Section AtMaximalNode.
Context {z : pt}.
Hypotheses (zn : z \in nodes M) (z_in : inner O (2 * eps) z).
Hypothesis wv_max : forall y, y \in nodes M -> w y - v y <= w z - v z.
Hypothesis le_mlap : mlap M eps S w z <= mlap M eps S v z.

Lemma ascent_node :
  mlap M eps S w z < mlap M eps S v z \/ mlap M eps S w z < 0 ->
  exists2 y, y \in nodes M & w y - v y = w z - v z /\ w z < w y.
Proof.
have Ih_max := Ih_max_stencil zn z_in wv_max.
have ge_mlap := stencil_lap_le_at_max Ih_max eps; rewrite -!mlapE in ge_mlap.
case=> [|lt_mlap]; first by rewrite ltNge ge_mlap.
have [x xs []] := stencil_lap_ascent Ih_max le_mlap lt_mlap.
rewrite [Ih M w z](Ih_nodal Vw).2 // [Ih M v z](Ih_nodal Vv).2 // => wz_lt wv_le.
have [n [lam [p [lam_ge0 lam_sum1 p_max Ih_w _]]]] :=
  Ih_diff_max_support (nbhd_in_mesh z_in xs) wv_max wv_le.
move: wz_lt; rewrite Ih_w => /(convex_comb_gt lam_ge0 lam_sum1) [i [lam_i wz_lt]].
by have [pn wv_p] := p_max i lam_i; exists (p i).
Qed.

Lemma descent_node :
  mlap M eps S w z < mlap M eps S v z \/ 0 < mlap M eps S v z ->
  exists2 y, y \in nodes M & w y - v y = w z - v z /\ v y < v z.
Proof.
have Ih_max := Ih_max_stencil zn z_in wv_max.
have ge_mlap := stencil_lap_le_at_max Ih_max eps; rewrite -!mlapE in ge_mlap.
case=> [|gt_mlap]; first by rewrite ltNge ge_mlap.
have [x xs []] := stencil_lap_descent Ih_max le_mlap gt_mlap.
rewrite [Ih M w z](Ih_nodal Vw).2 // [Ih M v z](Ih_nodal Vv).2 // => vx_lt wv_le.
have [n [lam [p [lam_ge0 lam_sum1 p_max _ Ih_v]]]] :=
  Ih_diff_max_support (nbhd_in_mesh z_in xs) wv_max wv_le.
have : - v z < \sum_i lam i * - v (p i).
  by rewrite ltrNl -sumrN; under eq_bigr do rewrite mulrN opprK; rewrite -Ih_v.
move=> /(convex_comb_gt lam_ge0 lam_sum1) [i [lam_i vz_lt]].
by have [pn wv_p] := p_max i lam_i; exists (p i); rewrite // -ltrN2.
Qed.

End AtMaximalNode.

End MeshComparison.

Theorem theorem3p2 (R : realType) (d : nat) (O : set 'rV[R]_d)
  (M : seq (simplex R d)) (h eps theta : R) (S : seq 'rV[R]_d)
  (w v : 'rV[R]_d -> R) :
  (0 < d)%N -> is_domain O -> ebounded O -> continuous_boundary O ->
  is_mesh M -> h = meshsize M ->
  inner O h `<=` Omega_h M -> Omega_h M `<=` O ->
  h <= eps -> eps <= diamset O -> 0 < theta -> theta <= 1 ->
  theta_net S theta ->
  Vh M w -> Vh M v ->
  (forall z, interior_node O M eps z -> mlap M eps S w z <= mlap M eps S v z) ->
  ((forall z, interior_node O M eps z ->
      mlap M eps S w z < mlap M eps S v z \/ mlap M eps S w z < 0) \/
   (forall z, interior_node O M eps z ->
      mlap M eps S w z < mlap M eps S v z \/ 0 < mlap M eps S v z)) ->
  (\big[maxe/-oo%E]_(z <- nodes M) (w z - v z)%:E =
   \big[maxe/-oo%E]_(z <- bnodes O M eps) (w z - v z)%:E)%E.
Proof.
move=> _ [oO _] _ _ _ h_mesh inner_sub _ h_le_eps _ _ _ [S_unit _] Vw Vv le_mlap.
have h_ge0 : 0 <= h by rewrite h_mesh; exact: bigmax_ge_id.
case=> strict.
- apply: (bigmaxe_filter_of_ascent w) => z zn z_in wv_max.
  exact: (ascent_node oO h_ge0 h_le_eps S_unit inner_sub Vw Vv zn z_in wv_max
            (le_mlap z (conj zn z_in)) (strict z (conj zn z_in))).
- apply: (bigmaxe_filter_of_ascent (fun y => - v y)) => z zn z_in wv_max.
  have [y yn [wv_y lt_v]] := descent_node oO h_ge0 h_le_eps S_unit inner_sub Vw Vv
    zn z_in wv_max (le_mlap z (conj zn z_in)) (strict z (conj zn z_in)).
  by exists y; rewrite // ltrN2.
Qed.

§ Task objective
Using the data above, extract exactly the lines from the one that holds "Vh M w -> Vh M v ->" to the one that holds "zn z_in wv_max (le_mlap", both ends included, and no others.

§ Answer to the problem
  Vh M w -> Vh M v ->
  (forall z, interior_node O M eps z -> mlap M eps S w z <= mlap M eps S v z) ->
  ((forall z, interior_node O M eps z ->
      mlap M eps S w z < mlap M eps S v z \/ mlap M eps S w z < 0) \/
   (forall z, interior_node O M eps z ->
      mlap M eps S w z < mlap M eps S v z \/ 0 < mlap M eps S v z)) ->
  (\big[maxe/-oo%E]_(z <- nodes M) (w z - v z)%:E =
   \big[maxe/-oo%E]_(z <- bnodes O M eps) (w z - v z)%:E)%E.
Proof.
move=> _ [oO _] _ _ _ h_mesh inner_sub _ h_le_eps _ _ _ [S_unit _] Vw Vv le_mlap.
have h_ge0 : 0 <= h by rewrite h_mesh; exact: bigmax_ge_id.
case=> strict.
- apply: (bigmaxe_filter_of_ascent w) => z zn z_in wv_max.
  exact: (ascent_node oO h_ge0 h_le_eps S_unit inner_sub Vw Vv zn z_in wv_max
            (le_mlap z (conj zn z_in)) (strict z (conj zn z_in))).
- apply: (bigmaxe_filter_of_ascent (fun y => - v y)) => z zn z_in wv_max.
  have [y yn [wv_y lt_v]] := descent_node oO h_ge0 h_le_eps S_unit inner_sub Vw Vv
    zn z_in wv_max (le_mlap z (conj zn z_in)) (strict z (conj zn z_in)).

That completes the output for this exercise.